Data listing.
(* Let $q\ge5$ be a prime power with $q\equiv\xi\pmod 3$, $\xi\in\{-1,0,1\}$, and let $\mathcal{C}_\mathscr{C}$ be the $[q+1,q-3,5]_q$ code with parity check matrix whose columns are the vectors $(1,t,t^2,t^3)$, $t\in\mathbb{F}_q$, and $(0,0,0,1)$. Let $w\in\{3,\ldots,\lfloor (q+3)/2\rfloor\}$. (i) If $(W,\xi)\in\{(2,1),(3,1),(3,0)\}$ and $\mathcal{V}^{(W)}_a,\mathcal{V}^{(W)}_b$ are weight-$W$ cosets of $\mathcal{C}_\mathscr{C}$ representing the two distinct weight distributions of weight-$W$ cosets, then $$B_{q+4-w}(\mathcal{V}^{(W)}_a)-(-1)^qB_w(\mathcal{V}^{(W)}_a)=B_{q+4-w}(\mathcal{V}^{(W)}_b)-(-1)^qB_w(\mathcal{V}^{(W)}_b).$$ (ii) If $\xi=-1$ and $\mathcal{V}^{(3)}_a,\mathcal{V}^{(3)}_b,\mathcal{V}^{(3)}_c$ are weight-$3$ cosets of $\mathcal{C}_\mathscr{C}$ representing the three distinct weight distributions of weight-$3$ cosets, then $$B_{q+4-w}(\mathcal{V}^{(3)}_a)-(-1)^qB_w(\mathcal{V}^{(3)}_a)=B_{q+4-w}(\mathcal{V}^{(3)}_b)-(-1)^qB_w(\mathcal{V}^{(3)}_b)=B_{q+4-w}(\mathcal{V}^{(3)}_c)-(-1)^qB_w(\mathcal{V}^{(3)}_c).$$
   Context: A coset of a linear code $\mathcal{C}\subseteq\mathbb{F}_q^n$ is a set $\mathbf{v}+\mathcal{C}$; its weight is the minimum Hamming weight of its vectors. $B_w(\mathcal{V})$ is the number of vectors of Hamming weight $w$ in the coset $\mathcal{V}$. For $(W,\xi)\in\{(2,1),(3,1),(3,0)\}$ the weight-$W$ cosets of $\mathcal{C}_\mathscr{C}$ have exactly two distinct weight distributions, and for $\xi=-1$ the weight-$3$ cosets have exactly three distinct weight distributions. *)

From HB Require Import structures.
From mathcomp Require Import all_boot all_order all_algebra all_field.
Set Implicit Arguments. Unset Strict Implicit. Unset Printing Implicit Defensive.
Import Order.TTheory GRing.Theory Num.Theory.
Local Open Scope ring_scope.

(* Coordinates of the length-(q+1) code are indexed by [option F]:
   [Some t] is the column (1,t,t^2,t^3), [None] is the column (0,0,0,1). *)
Definition vec (F : finFieldType) := {ffun option F -> F}.

Definition pc_row (F : finFieldType) (j : nat) (v : vec F) : F :=
  \sum_(t : F) v (Some t) * t ^+ j + (j == 3%N)%:R * v None.

Definition code (F : finFieldType) : {set vec F} :=
  [set v : vec F | [forall j : 'I_4, pc_row j v == 0]].

Definition coset (F : finFieldType) (v : vec F) : {set vec F} :=
  [set u : vec F | u - v \in code F].

Definition wt (F : finFieldType) (u : vec F) : nat := #|[set i | u i != 0]|.

Definition coset_has_weight (F : finFieldType) (V : {set vec F}) (W : nat) : Prop :=
  (exists2 u, u \in V & wt u = W) /\ (forall u, u \in V -> (W <= wt u)%N).

Definition B (F : finFieldType) (w : nat) (V : {set vec F}) : nat :=
  #|[set u in V | wt u == w]|.

Definition Dq (F : finFieldType) (w : nat) (V : {set vec F}) : int :=
  (B (#|F| + 4 - w) V)%:Z - (-1) ^+ #|F| * (B w V)%:Z.

From HB Require Import structures.
From mathcomp Require Import all_boot all_order all_algebra all_field.
From mathcomp Require Import zify ring.
Import Order.TTheory GRing.Theory Num.Theory.
Set Implicit Arguments. Unset Strict Implicit. Unset Printing Implicit Defensive.
Local Open Scope ring_scope.

(* The code has minimum distance at least 5: if a codeword u of weight at most
   4 had u_t0 <> 0, combining the four parity checks with the coefficients of
   the polynomial of degree at most 3 vanishing on the rest of the finite
   support of u would give u_t0 p(t0) = 0.  Hence the syndrome map is a
   bijection from the vectors supported on any four coordinates onto F^4, and
   every coset contains exactly as many vectors supported in a given set T of
   at least four coordinates as the code does.  Counting the pairs (u, T) with
   supp u <= T and #|T| = t shows that sum_k B_k C(n - k, n - t), n = q + 1,
   does not depend on the coset for 4 <= t <= n.  Two cosets of weight 2 (or
   of weight 3) have the same B_k for k < 3, so the differences
   e_k of their weight distributions solve a triangular binomial system,
   whence e_k = (-1)^(k-3) C(q - 2, k - 3) e_3; the symmetry of the binomial
   coefficient then gives e_(q+4-w) = (-1)^q e_w. *)

Lemma mul_bin_sub M m a : (a <= m <= M)%N ->
  ('C(M, m) * 'C(m, a) = 'C(M, a) * 'C(M - a, m - a))%N.
Proof.
move=> /andP [am mM].
have fM := bin_fact mM; have fm := bin_fact am.
have fMa := @bin_fact M a (leq_trans am mM).
have fMam := @bin_fact (M - a) (m - a) (leq_sub2r a mM).
rewrite (_ : (M - a - (m - a) = M - m)%N) in fMam; last by lia.
apply/eqP; rewrite -(eqn_pmul2r (fact_gt0 a)) -(eqn_pmul2r (fact_gt0 (m - a))).
rewrite -(eqn_pmul2r (fact_gt0 (M - m))); apply/eqP.
transitivity M`!; first by rewrite -fM -fm; ring.
by rewrite -fMa -fMam; ring.
Qed.

Section BinomialSystem.
Variable R : comPzRingType.

Lemma sum_sign_bin m n : (0 < m <= n)%N ->
  \sum_(a < n.+1) (-1) ^+ a * 'C(m, a)%:R = 0 :> R.
Proof.
move=> /andP [m_gt0 mn].
transitivity (\sum_(a < m.+1) (-1) ^+ a * 'C(m, a)%:R : R).
  rewrite [RHS](big_ord_widen n.+1 (fun a => (-1) ^+ a * 'C(m, a)%:R)) ?ltnS //.
  rewrite [RHS]big_mkcond; apply: eq_bigr => a _.
  by case: ltnP => // ma; rewrite bin_small ?mulr0.
transitivity ((-1 + 1 : R) ^+ m).
  by rewrite exprD1n; apply: eq_bigr => a _; rewrite mulr_natr.
by rewrite addNr expr0n eqn0Ngt m_gt0.
Qed.

Lemma sum_sign_bin_bin M m : (0 < m <= M)%N ->
  \sum_(a < M.+1) (-1) ^+ a * 'C(M, a)%:R * 'C(M - a, M - m)%:R = 0 :> R.
Proof.
move=> /andP [m_gt0 mM].
rewrite (eq_bigr (fun a : 'I_M.+1 => 'C(M, m)%:R * ((-1) ^+ a * 'C(m, a)%:R))).
  by rewrite -big_distrr /= sum_sign_bin ?m_gt0 // mulr0.
move=> a _; case: (leqP a m) => [am | ma]; last first.
  have Mma : (M - a < M - m)%N by have := ltn_ord a; lia.
  by rewrite (bin_small ma) (bin_small Mma) !mulr0.
rewrite (_ : (M - m = (M - a) - (m - a))%N); last by lia.
rewrite bin_sub; last by lia.
rewrite -mulrA -natrM -mul_bin_sub ?am // natrM; ring.
Qed.

Lemma bin_system_eq0 N d (g : nat -> R) :
  (forall k, (k <= d)%N -> g k = 0) ->
  (forall t, (d < t <= N)%N -> \sum_(k < N.+1) g k * 'C(N - k, N - t)%:R = 0) ->
  forall k, (k <= N)%N -> g k = 0.
Proof.
move=> g_le_d g_sys; elim/ltn_ind => t IH tN.
have [td | dt] := leqP t d; first exact: g_le_d.
have := g_sys t; rewrite dt tN => /(_ isT).
rewrite (bigD1 (Ordinal (tN : t < N.+1)%N)) //= binn mulr1 big1 ?addr0 // => -[k kN] /= kt.
have k_neq_t : k != t by apply: contra kt => /eqP k_t; apply/eqP/val_inj.
case: (ltngtP k t) k_neq_t => // [k_lt_t | t_lt_k] _.
  by rewrite IH ?mul0r //; lia.
by rewrite bin_small ?mulr0 //; lia.
Qed.

Lemma bin_system_solve N d (e : nat -> R) :
  (forall k, (k < d)%N -> e k = 0) ->
  (forall t, (d < t <= N)%N -> \sum_(k < N.+1) e k * 'C(N - k, N - t)%:R = 0) ->
  forall k, (d <= k <= N)%N -> e k = (-1) ^+ (k - d) * 'C(N - d, k - d)%:R * e d.
Proof.
move=> e_lt_d e_sys.
pose f k : R := if (k < d)%N then 0 else (-1) ^+ (k - d) * 'C(N - d, k - d)%:R * e d.
have f_sys t : (d < t <= N)%N -> \sum_(k < N.+1) f k * 'C(N - k, N - t)%:R = 0.
  move=> /andP [dt tN].
  rewrite -(big_mkord xpredT (fun k => f k * 'C(N - k, N - t)%:R)).
  rewrite (big_cat_nat (n := d)) //=; last by lia.
  rewrite big_nat big1 ?add0r => [|k /andP [_ kd]]; last by rewrite /f kd mul0r.
  rewrite (big_addn 0 _ d) (_ : N.+1 - d = (N - d).+1)%N; last by lia.
  rewrite big_mkord.
  transitivity (e d * \sum_(a < (N - d).+1)
      (-1) ^+ a * 'C(N - d, a)%:R * 'C(N - d - a, N - d - (t - d))%:R).
    rewrite big_distrr; apply: eq_bigr => a _ /=.
    rewrite /f ltnNge leq_addl /= addnK.
    rewrite (_ : N - (a + d) = N - d - a)%N; last by lia.
    rewrite (_ : N - t = N - d - (t - d))%N; last by lia.
    ring.
  by rewrite sum_sign_bin_bin ?mulr0 //; lia.
move=> k /andP [dk kN]; apply/eqP; rewrite -subr_eq0.
have -> : (-1) ^+ (k - d) * 'C(N - d, k - d)%:R * e d = f k by rewrite /f ltnNge dk.
apply/eqP; apply: (@bin_system_eq0 N d (fun k => e k - f k)) => // [j jd | t dt].
  rewrite /f; case: ltnP => [j_lt_d | dj]; first by rewrite e_lt_d // subr0.
  have -> : j = d by lia.
  by rewrite subnn expr0 bin0 !mul1r subrr.
under eq_bigr do rewrite mulrBl.
by rewrite sumrB e_sys // f_sys // subr0.
Qed.

Lemma bin_solution_reflect N d (e : nat -> R) :
  (forall k, (d <= k <= N)%N -> e k = (-1) ^+ (k - d) * 'C(N - d, k - d)%:R * e d) ->
  forall k, (d <= k <= N)%N -> e (N + d - k)%N = (-1) ^+ (N + d) * e k.
Proof.
move=> e_sol k /andP [dk kN].
rewrite [e (N + d - k)%N]e_sol; last by lia.
rewrite [e k]e_sol; last by lia.
rewrite (_ : N + d - k - d = N - d - (k - d))%N; last by lia.
rewrite bin_sub; last by lia.
have -> : (-1) ^+ (N - d - (k - d)) = (-1) ^+ (N + d) * (-1) ^+ (k - d) :> R.
  rewrite -exprD (_ : N + d + (k - d) = N - d - (k - d) + 2 * k)%N; last by lia.
  by rewrite exprD exprM sqrrN !expr1n mulr1.
ring.
Qed.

Task directions. What belongs in the answer is the line with "rewrite -exprD (_" plus every later line of the listing, copied word for word and nothing besides.

Answer space.
  rewrite -exprD (_ : N + d + (k - d) = N - d - (k - d) + 2 * k)%N; last by lia.
  by rewrite exprD exprM sqrrN !expr1n mulr1.
ring.
Qed.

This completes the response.